To find the first and second derivatives of ( \ln(\ln(x^2)) ):

  1. First Derivative: ( \frac{d}{dx}(\ln(\ln(x^2))) = \frac{1}{\ln(x^2)} \cdot \frac{d}{dx}(\ln(x^2)) ) Apply chain rule and derivative of natural logarithm: ( = \frac{1}{\ln(x^2)} \cdot \frac{1}{x^2} \cdot 2x )

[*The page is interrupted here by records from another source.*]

Lemma sq_dev_le_rel_sq_dev (x : state) :
  sq_dev x E <= (Sh E ^ 2 + Ih E ^ 2 + Sv E ^ 2 + Iv E ^ 2 + 1) * rel_sq_dev x E.
Proof.
  unfold sq_dev, rel_sq_dev.
  replace (Sh x - Sh E) with (Sh E * rel_dev (Sh x) (Sh E)) by (unfold rel_dev; field; lra).
  replace (Ih x - Ih E) with (Ih E * rel_dev (Ih x) (Ih E)) by (unfold rel_dev; field; lra).
  replace (Sv x - Sv E) with (Sv E * rel_dev (Sv x) (Sv E)) by (unfold rel_dev; field; lra).
  replace (Iv x - Iv E) with (Iv E * rel_dev (Iv x) (Iv E)) by (unfold rel_dev; field; lra).
  pose proof (pow2_ge_0 (rel_dev (Sh x) (Sh E))). pose proof (pow2_ge_0 (rel_dev (Ih x) (Ih E))).
  pose proof (pow2_ge_0 (rel_dev (Sv x) (Sv E))). pose proof (pow2_ge_0 (rel_dev (Iv x) (Iv E))).
  pose proof (pow2_ge_0 (Rh x - Rh E)).
  pose proof (pow2_ge_0 (Sh E)). pose proof (pow2_ge_0 (Ih E)).
  pose proof (pow2_ge_0 (Sv E)). pose proof (pow2_ge_0 (Iv E)).
  rewrite !Rpow_mult_distr. nra.
Qed.

Lemma lyapunov_le_rel_sq_dev :
  exists K, 0 < K /\ forall x, lyapunov E c e n x <= K * rel_sq_dev x E.
Proof.
  destruct lyapunov_le_sq_dev as (b & hb & Hb).
  set (M := Sh E ^ 2 + Ih E ^ 2 + Sv E ^ 2 + Iv E ^ 2 + 1).
  assert (hM : 0 < M) by (unfold M; pose proof (pow2_ge_0 (Sh E)); pose proof (pow2_ge_0 (Ih E));
    pose proof (pow2_ge_0 (Sv E)); pose proof (pow2_ge_0 (Iv E)); lra).
  exists (b * M). split; [nra |]. intros x.
  pose proof (sq_dev_le_rel_sq_dev x) as Hrel. fold M in Hrel.
  apply (Rmult_le_compat_l b) in Hrel; [| lra].
  rewrite Rmult_assoc. exact (Rle_trans _ _ _ (Hb x) Hrel).
Qed.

  2. Second Derivative: ( \frac{d^2}{dx^2}(\ln(\ln(x^2))) = \frac{d}{dx} \left( \frac{1}{\ln(x^2)} \cdot \frac{1}{x^2} \cdot 2x \right) ) Apply quotient rule and derivative of ( \frac{1}{\ln(x^2)} ): ( = -\frac{2}{x^3\ln(x^2)} + \frac{1}{x^4} \cdot 2x \cdot \left( -\frac{1}{x^2} \right) \cdot \frac{d}{dx}(\ln(x^2)) ) ( = -\frac{2}{x^3\ln(x^2)} - \frac{2}{x^3} )

Therefore, the first derivative is ( \frac{2}{x(\ln(x))^2} ) and the second derivative is ( -\frac{2}{x^3(\ln(x))^2} - \frac{2}{x^3} ).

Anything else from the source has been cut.